Appellant states that if we hold against her as to the jurisdictional point that she then desires to contend that the decree should be reversed because “the price of $200,000 for the Michigan Avenue property was wholly inadequate.” After a careful consideration of the entire evidence that bears upon the subject we are satisfied that the contention is without merit. The uncontradicted evidence shows that appellant took the position that she would not approve nor disapprove the sale of the property, and that “she felt the other interests should buy her out.” In her reply brief she states that if the other beneficiaries desired to pay her “the fair value of .her share, it would have been acceptable and would have avoided the present law suit.” It is a reasonable inference from the evidence that appellant, because she did not succeed in forcing the other beneficiaries to pay her what she considered a fair price for her share in the property, concluded to make them all the trouble that she could in the instant proceedings. It is significant that all of the beneficiaries save appellant approved the sale.

It appears, from an affidavit filed in this proceeding, that appellant failed to file an appeal bond in the instant proceeding and because of that fact the petitioners, in accordance with the terms and provisions of the instant decree, consummated the sale of the premises at 174-176 North Michigan avenue and executed and delivered to the purchaser, Austin L. Wyman, a deed conveying to him the said premises; that Wyman paid to the trustees the consideration for the premises and that thereafter, in accordance with the terms of the said decree, the trustees distributed a part of the proceeds to the creditors of the trusts and to all beneficiaries thereof except appellant, who re*396fused to accept her share as a beneficiary; that the trustees, in accordance with the provisions of the decree, sought to sell the remaining parcels of the real estate, but not having received satisfactory offers for the same within sixty days from the date of the decree, the remaining parcels of the real estate in said trusts were offered at public sale by the master in chancery; that after due notice to appellant said sale was confirmed by the court; that no objections were filed to such public sale by appellant; that said decree sets forth the beneficial interests of the various parties in said trusts and that no objection was made by appellant as to her beneficial interest stated therein; that the sale of said properties was approved by the court on February 27, 1941, and that no appeal has been taken by appellant from said order.

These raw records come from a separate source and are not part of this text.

(* Let $i\ge 2$ be an integer and let $C(i)$, $B(i)$ be as defined in the context. (a) $C(i)$ is an $\mathbb{F}$-linear $[2i,2i-1,1]$-code which is $(2i-1)$-bounded relative to the ordered basis $B(i)$. (b) Let $j$ be an integer with $1\le j\le 4i^2-6i+1$. Then ${\sf Code}(B(i),j)$ is an $\mathbb{F}$-linear $[n_j,k_j,d_j]$-code which is $u_j$-bounded relative to the ordered basis ${\sf Basis}(B(i),j)$, where \[ n_j=2i\prod_{\ell=1}^{j}(2i-1+\ell),\quad k_j=2i-1+j,\quad d_j=\prod_{\ell=1}^{j}(2i-1+\ell),\quad u_j=(2i-1)\prod_{\ell=1}^{j}(2i-2+\ell). \]
   Context: $\mathbb{F}$ is an arbitrary field and vectors in $\mathbb{F}^n$ are column vectors. The weight $\mathrm{wt}(x)$ of $x\in\mathbb{F}^n$ is its number of nonzero coordinates. An $[n,k,d]$-code is a $k$-dimensional subspace of $\mathbb{F}^n$ whose minimum distance (the minimum weight of a nonzero codeword) is $d$. Boundedness: let $u$ be a positive integer and let $C$ be an $[n,k,d]$-code with ordered basis $B=(a_1,\dots,a_k)$. Then $C$ is $u$-bounded relative to $B$ if all three of the following hold: (i) $\mathrm{wt}(a_j)=u$ for every $j$; (ii) $\mathrm{wt}\big(\sum_{j=1}^k a_j\big)=d$; (iii) $u\ge d(1+k^{-1})$. Construction: for an ordered basis $B=(a_1,\dots,a_k)$ of a code $C\le\mathbb{F}^n$, set $a_0:=0\in\mathbb{F}^n$. For $m=1,\dots,k+1$, let $a'_m\in\mathbb{F}^{n(k+1)}$ be the column vector made of $k+1$ blocks of length $n$. Its $r$-th block, for $r=1,\dots,k+1$, is $a_{r-m}$, where the subscript is read modulo $k+1$ with representatives in $\{0,\dots,k\}$. Thus $a'_1=(0,a_1,\dots,a_k)^T$, $a'_2=(a_k,0,a_1,\dots,a_{k-1})^T$, …, $a'_{k+1}=(a_1,\dots,a_k,0)^T$ in block form. Define ${\sf Basis}(B)=(a'_1,\dots,a'_{k+1})$, and let ${\sf Code}(B)\le\mathbb{F}^{n(k+1)}$ be its $\mathbb{F}$-linear span. Iteration: ${\sf Code}(B,1)={\sf Code}(B)$ and ${\sf Basis}(B,1)={\sf Basis}(B)$. For $i\ge2$, ${\sf Code}(B,i)={\sf Code}({\sf Basis}(B,i-1))$ and ${\sf Basis}(B,i)={\sf Basis}({\sf Basis}(B,i-1))$. Matrices: $\mathcal{A}_1=\begin{bmatrix}0&-1\\1&0\end{bmatrix}$ and $\mathcal{B}_1=\begin{bmatrix}1&-1\\-1&1\end{bmatrix}$. Recursively, for $i\ge1$, $\mathcal{A}_{i+1}=\begin{bmatrix}\mathcal{A}_1&\mathcal{B}_i\\-\mathcal{B}_i^T&\mathcal{A}_i\end{bmatrix}$ and $\mathcal{B}_{i+1}=[\mathcal{B}_1\ \mathcal{B}_i]$, as block matrices over $\mathbb{F}$. Thus $\mathcal{A}_i\in\mathbb{F}^{2i\times 2i}$. Codes $C(i)$: write $\mathcal{A}_i=[a_1,\dots,a_{2i}]$ by columns. Then $B(i)=(a_1,\dots,a_{2i-1})$, and $C(i)\le\mathbb{F}^{2i}$ is the $\mathbb{F}$-linear span of $B(i)$. The columns of $\mathcal{A}_i$ are linearly independent, so $B(i)$ is an ordered basis of $C(i)$. *)

(* Vectors of F^n are column vectors 'cV[F]_n; an ordered
   basis (a_1,...,a_k) of a code in F^n is stored as the matrix 'M[F]_(n,k)
   whose j-th column is a_{j+1}. *)
From HB Require Import structures.
From mathcomp Require Import all_boot all_order all_algebra.
Set Implicit Arguments. Unset Strict Implicit. Unset Printing Implicit Defensive.
Import GRing.Theory.
Local Open Scope ring_scope.

Section Codes.
Variable F : fieldType.

Definition wt n (v : 'cV[F]_n) : nat := #|[pred t : 'I_n | v t ord0 != 0]|.

Definition in_code n k (M : 'M[F]_(n, k)) (v : 'cV[F]_n) : Prop :=
  exists c : 'cV[F]_k, v = M *m c.

Definition min_dist n k (M : 'M[F]_(n, k)) (d : nat) : Prop :=
  (exists v, [/\ in_code M v, v != 0 & wt v = d]) /\
  (forall v, in_code M v -> v != 0 -> (d <= wt v)%N).

Definition is_code a b (M : 'M[F]_(a, b)) (n k d : nat) : Prop :=
  [/\ a = n, \rank M = k & min_dist M d].

Definition bounded a b (M : 'M[F]_(a, b)) (u : nat) : Prop :=
  \rank M = b /\
  exists d, [/\ min_dist M d,
               (forall j : 'I_b, wt (col j M) = u),
               wt (\sum_(j < b) col j M) = d
             & (d * (b + 1) <= u * b)%N].
(* (iii) u >= d (1 + 1/k) is written u*k >= d*(k+1) (k = b >= 1 here) *)

(* entry (t,s) of M, 0 outside the range *)
Definition ent n k (M : 'M[F]_(n, k)) (t s : nat) : F :=
  match (insub t : option 'I_n), (insub s : option 'I_k) with
  | Some t', Some s' => M t' s'
  | _, _ => 0
  end.
(* For every nonnegative integer $r$, $$\sum_{n=1}^{\infty}\frac{n}{(2n+2r+3)(2n-1)^2(2n+1)(2n+3)}\frac{\binom{2n}{n}}{\binom{2n+2r+2}{n+r+1}}=\frac{1}{2^{2r+2}}\left(\frac{8\wp(2r+4)-8\wp(2r+2)+3\wp(2r)}{128}+\frac{6}{128(4+2r)}-\frac{3}{128(2+2r)}\right),$$ where $\wp(q)=\int_0^{\pi/2} z\sin^q z\,\mathrm{d}z$. *)

From Stdlib Require Import Reals.
From Coquelicot Require Import Coquelicot.
Open Scope R_scope.

Definition wp (q : nat) : R := RInt (fun z => z * (sin z) ^ q) 0 (PI / 2).

Definition summand (r n : nat) : R :=
  INR n /
    ((2 * INR n + 2 * INR r + 3) * (2 * INR n - 1) ^ 2 * (2 * INR n + 1) * (2 * INR n + 3))
  * (Binomial.C (2 * n)%nat n / Binomial.C (2 * n + 2 * r + 2)%nat (n + r + 1)%nat).

(* Creative telescoping in r.  Writing s_r(n) for the summand, there are rational functions
   λ(r) and R(n, r) with R(1, r) = 0 such that
     s_{r+1}(n) - λ(r)/4 s_r(n) = (R(n+1, r) s_r(n+1) - R(n, r) s_r(n)) / 4,
   so the series for r + 1 is λ(r)/4 times the series for r plus (lim R(n, r) s_r(n)) / 4, a limit
   that is explicit because C(2n, n) / C(2n+2r+2, n+r+1) -> 4^-(r+1).  Integration by parts gives
   (q+2) ℘(q+2) = (q+1) ℘(q) + 1/(q+2), and with it the right-hand side satisfies the same
   recurrence.  For r = 0, partial fractions reduce the series to (1/256) Σ 1/(2k+1)^2 = π^2/2048;
   the value Σ 1/(2k+1)^2 = π^2/8 comes from Σ 1/n^2 = π^2/6, proved with Matsuoka's integrals
   I_n = ∫ cos^2n x dx and J_n = ∫ x^2 cos^2n x dx over [0, π/2], which satisfy
   J_n/I_n - J_{n+1}/I_{n+1} = 1/(2(n+1)^2) and 0 <= J_n/I_n <= 9/(2n+2). *)

From Stdlib Require Import Reals Lra Lia.
From Coquelicot Require Import Coquelicot.
Open Scope R_scope.
Lemma step_size_bounds c0 e k : 0 < c0 -> 0 <= e -> 0 < step_size c0 e k <= c0.
Proof.
move=> c0_pos e0; rewrite step_sizeE; have := pw_pos (- e) k.
have : pw (- e) k <= 1 by rewrite -(Rpower_O (INR (k + 1))); [apply: pw_le_exp; lra | apply: INR_succ_pos].
move=> ? ?; split; nra.
Qed.

Definition step_weight (c0 e r : R) (k : nat) : R := Rpower (step_size c0 e k) r.

Section PowerSteps.
Variables (a b gamma0 lambda0 r : R).
Hypotheses (a_pos : 0 < a) (b_pos : 0 < b) (gamma0_pos : 0 < gamma0) (lambda0_pos : 0 < lambda0).
Hypotheses (r_lt1 : r < 1) (b_lt_a : b < a) (ab_lt1 : a + b < 1) (ar_le1 : a * r <= 1).

Local Notation gam := (step_size gamma0 a).
Local Notation lam := (step_size lambda0 b).
Local Notation w := (step_weight gamma0 a r).

Lemma step_weightE k : w k = Rpower gamma0 r * pw (- (a * r)) k.
Proof.
rewrite /step_weight step_sizeE -Rpower_mult_distr //; last exact: pw_pos.
by rewrite /pw Rpower_mult; congr (_ * Rpower _ _); ring.
Qed.

Lemma step_weight_pos k : 0 < w k.
Proof. exact: Rpower_pos. Qed.

Lemma step_weight_div_step k : w k / gam k = Rpower gamma0 r / gamma0 * pw (a - a * r) k.
Proof.
rewrite step_weightE step_sizeE; have := pw_pos (- a) k.
have -> : a - a * r = - (a * r) + - - a by ring.
rewrite pwD (pwN (- a)) => ?; field; split; lra.
Qed.

Lemma step_weight_div_steps k :
  w k / (gam k * lam k) = Rpower gamma0 r / (gamma0 * lambda0) * pw (a + b - a * r) k.
Proof.
rewrite step_weightE !step_sizeE; have := pw_pos (- a) k; have := pw_pos (- b) k.
have -> : a + b - a * r = - (a * r) + (- - a + - - b) by ring.
rewrite !pwD (pwN (- a)) (pwN (- b)) => ? ?; field; repeat split; lra.
Qed.

Lemma step_weight_div_step_le k : w k / gam k <= w (S k) / gam (S k).
Proof.
rewrite !step_weight_div_step; apply: Rmult_le_compat_l.
  by apply/Rlt_le/Rdiv_lt_0_compat; [apply: Rpower_pos | lra].
by apply: pw_nondecreasing; [nra | apply: leqnSn].
Qed.

Lemma step_weight_div_steps_le k :
  w k / (gam k * lam k) <= w (S k) / (gam (S k) * lam (S k)).
Proof.
rewrite !step_weight_div_steps; apply: Rmult_le_compat_l.
  by apply/Rlt_le/Rdiv_lt_0_compat; [apply: Rpower_pos | nra].
by apply: pw_nondecreasing; [nra | apply: leqnSn].
Qed.

Lemma sum_step_weightE N : sumR w N = Rpower gamma0 r * sumR (pw (- (a * r))) N.
Proof. by rewrite -sumRZ; apply: eq_sumR => k _; apply: step_weightE. Qed.

Lemma sum_step_weight_unbounded A : eventually (fun N => A <= sumR w (S N)).
Proof.
have c0 := Rpower_pos gamma0 r.
have [N0 HN0] := sum_pw_unbounded (q := - (a * r)) ltac:(lra) (A / Rpower gamma0 r).
exists N0 => N NN; rewrite sum_step_weightE.
have := Rmult_le_compat_l _ _ _ (Rlt_le _ _ c0) (HN0 N NN).
by have -> : Rpower gamma0 r * (A / Rpower gamma0 r) = A by field; lra.
Qed.

Lemma sum_step_weight_lower : exists K, 0 < K /\
  forall N, INR (N + 1) * w N <= K * sumR w (S N).
Proof.
have [K [K0 HK]] := pw_sum_lower (- (a * r)).
exists K; split=> // N; rewrite sum_step_weightE step_weightE.
have := Rmult_le_compat_l _ _ _ (Rlt_le _ _ (Rpower_pos gamma0 r)) (HK N); lra.
Qed.

Lemma scaled_pw_vanish c q : 0 < c -> q < 0 ->
  forall e, 0 < e -> eventually (fun k => c * pw q k <= e).
Proof.
move=> c0 q0 e e0; have [N0 HN0] := pw_vanish q0 (Rdiv_lt_0_compat _ _ e0 c0).
exists N0 => k kN; have := Rmult_le_compat_l _ _ _ (Rlt_le _ _ c0) (HN0 k kN).
by have -> : c * (e / c) = e by field; lra.
Qed.

Local Notation W := (fun N => sumR w (S N)).

Lemma negligible_boundary_step_weight p : p < 1 -> negligible W (fun N => w N * pw p N).
Proof.
have [K [K0 HK]] := sum_step_weight_lower.
by apply: negligible_boundary K0 step_weight_pos HK.
Qed.

Lemma negligible_step_weight_div_step : negligible W (fun N => w N / gam N).
Proof.
apply: (negligible_le (Q := fun N => / gamma0 * (w N * pw a N))).
  move=> N; right; rewrite step_sizeE pwN; have := pw_pos a N => ?.
  by field; split; lra.
apply: negligibleZ; first by move=> N; apply/Rlt_le/sumR_gt0/step_weight_pos.
  by apply/Rlt_le/Rinv_0_lt_compat.
by apply: negligible_boundary_step_weight; lra.
Qed.

Lemma negligible_step_weight_div_steps : negligible W (fun N => w N / (gam N * lam N)).
Proof.
apply: (negligible_le (Q := fun N => / (gamma0 * lambda0) * (w N * pw (a + b) N))).
  move=> N; right; rewrite !step_sizeE !pwN pwD.
  have := pw_pos a N; have := pw_pos b N => ? ?.
  by field; repeat split; lra.
apply: negligibleZ; first by move=> N; apply/Rlt_le/sumR_gt0/step_weight_pos.
  by apply/Rlt_le/Rinv_0_lt_compat; nra.
exact: negligible_boundary_step_weight.
Qed.

Lemma negligible_weighted_cesaro c q : 0 < c -> q < 0 ->
  negligible W (fun N => sumR (fun k => w k * (c * pw q k)) (S N)).
Proof.
move=> c0 q0; apply: negligible_cesaro.
- exact: step_weight_pos.
- exact: sum_step_weight_unbounded.
- by move=> k; apply/Rlt_le/Rmult_lt_0_compat => //; apply: pw_pos.
- exact: scaled_pw_vanish.
Qed.

Lemma negligible_weighted_steps : negligible W (fun N => sumR (fun k => w k * gam k) (S N)).
Proof.
apply: (negligible_le (Q := fun N => sumR (fun k => w k * (gamma0 * pw (- a) k)) (S N))).
  by move=> N; right; apply: eq_sumR => k _; rewrite step_sizeE.
by apply: negligible_weighted_cesaro; lra.
Qed.

Lemma negligible_weighted_lams : negligible W (fun N => sumR (fun k => w k * lam k) (S N)).
Proof.
apply: (negligible_le (Q := fun N => sumR (fun k => w k * (lambda0 * pw (- b) k)) (S N))).
  by move=> N; right; apply: eq_sumR => k _; rewrite step_sizeE.
by apply: negligible_weighted_cesaro; lra.
Qed.

Lemma negligible_weighted_ratios :
  negligible W (fun N => sumR (fun k => w k * (gam k / lam k)) (S N)).
Proof.
apply: (negligible_le (Q := fun N =>
    sumR (fun k => w k * (gamma0 / lambda0 * pw (b - a) k)) (S N))).
  move=> N; right; apply: eq_sumR => k _; rewrite !step_sizeE.
  have -> : b - a = - a + - - b by ring.
  rewrite pwD (pwN (- b)); have := pw_pos (- b) k => ?.
  by field; split; lra.
by apply: negligible_weighted_cesaro; [apply: Rdiv_lt_0_compat | lra].
Qed.
End PowerSteps.

(** * The IR-IG iteration *)

Lemma proj_subgrad_step n (X : vec n -> Prop) (F1 F2 : vec n -> R) z g1 g2 t c p y :
  convex_set X -> X y -> 0 <= t -> 0 <= c ->
  subgrad F1 z g1 -> subgrad F2 z g2 ->
  is_proj X (vsub z (vscale t (vadd g1 (vscale c g2)))) p ->
  sqnorm (vsub p y) <= sqnorm (vsub z y) - 2 * t * (F1 z - F1 y) - 2 * t * c * (F2 z - F2 y)
                       + t ^ 2 * sqnorm (vadd g1 (vscale c g2)).
Proof.
move=> HX Xy t0 c0 H1 H2 Hp; apply: Rle_trans (proj_nonexpansive HX Hp Xy) _.
have -> : vsub (vsub z (vscale t (vadd g1 (vscale c g2)))) y =
          vsub (vsub z y) (vscale t (vadd g1 (vscale c g2))).
  by apply: functional_extensionality => j; rewrite /vsub; ring.
have flip g : dot g (vsub y z) = - dot (vsub z y) g by rewrite dotBr dotBl (dotC g y) (dotC g z); ring.
have := H1 y; have := H2 y; rewrite !flip sqnormB sqnormZ dotZr dotDr dotZr.
have := Rmult_le_pos _ _ t0 c0; nra.
Qed.

Lemma sqnorm_path_le n (v : nat -> vec n) s i :
  (forall j, (j < i)%nat -> sqnorm (vsub (v (S j)) (v j)) <= s) ->
  sqnorm (vsub (v i) (v 0%nat)) <= INR i ^ 2 * s.
Proof.
elim: i => [|i IH] Hs.
  have -> : vsub (v 0%nat) (v 0%nat) = vscale 0 (v 0%nat).
    by apply: functional_extensionality => j; rewrite /vsub /vscale; ring.
  by rewrite sqnormZ /=; lra.
have IH' := IH (fun j ji => Hs j (ltn_trans ji (ltnSn i))).
have step := Hs i (ltnSn i).
case: (posnP i) => [i0 | i0].
  by move: step; rewrite i0 /=; lra.
have ip : 0 < INR i by apply/lt_0_INR/ltP.
have -> : vsub (v i.+1) (v 0%nat) = vadd (vsub (v i.+1) (v i)) (vsub (v i) (v 0%nat)).
  by apply: functional_extensionality => j; rewrite /vsub /vadd; ring.
apply: Rle_trans (sqnormD_le _ _ ip) _.
have := Rmult_le_compat_l (1 + INR i) _ _ ltac:(lra) step.
have := Rmult_le_compat_l (1 + / INR i) _ _ ltac:(have := Rinv_0_lt_compat _ ip; lra) IH'.
have -> : (1 + / INR i) * (INR i ^ 2 * s) = (INR i + 1) * INR i * s by field; lra.
rewrite S_INR; nra.
Qed.

Lemma amgm_scaled g G t Q : 0 < g -> t ^ 2 <= g ^ 2 * Q -> G * t <= g * (G ^ 2 + Q) / 2.
Proof.
move=> g0 tQ; apply: (Rmult_le_reg_l g) => //.
have := pow2_ge_0 (g * G - t); nra.
Qed.

Section IRIG.
Variables (n m : nat) (X : vec n -> Prop) (fs : nat -> vec n -> R) (h : vec n -> R).
Variables (gam lam : nat -> R) (gam0 lam0 : R) (x gf gh : nat -> nat -> vec n).
Hypothesis m_pos : (0 < m)%nat.
Hypothesis X_convex : convex_set X.
Hypothesis X_compact : compact_set X.
Hypothesis fs_convex : forall i, (i < m)%nat -> convex_fun (fs i).
Hypothesis h_convex : convex_fun h.
Hypothesis gam_bounds : forall k, 0 < gam k <= gam0.
Hypothesis lam_bounds : forall k, 0 < lam k <= lam0.
Hypothesis x_init : X (x 0%nat 0%nat).
Hypothesis x_next : forall k, x (S k) 0%nat = x k m.
Hypothesis x_step : forall k i, (i < m)%nat ->
  subgrad (fs i) (x k i) (gf k i) /\ subgrad h (x k i) (gh k i) /\
  is_proj X (vsub (x k i) (vscale (gam k) (vadd (gf k i) (vscale (lam k / INR m) (gh k i)))))
    (x k (S i)).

Petitioners have filed a motion to dismiss the instant appeal upon the ground, inter alia, that there is no longer any actual controversy between the parties. Appellant, in her objections to the motion to dismiss the appeal, admits that she filed no appeal bond but contends that if the point she raises upon the appeal, that the trial court had no jurisdiction to enter the order or decree from which the appeal is taken, is sustained, then the decree or judgment of the trial court is void and the purchasers of the property at the trustees ’ sale can ■ obtain no rights, interest or privileges by virtue of that order. Appellant makes no denial as to the proceedings that took place in the lower court after the time for filing a bond had expired. While there is considerable force in the argument of petitioners in support of their motion to dismiss the appeal, we have concluded to deny the motion.

Feeling, as we do, that appellant has shown no equitable ground for reversing the decree of the superior court of Cook county entered November 15, 1940, the decree is affirmed.

Decree affirmed.

Sullivan, P. J., and Friend, J., concur.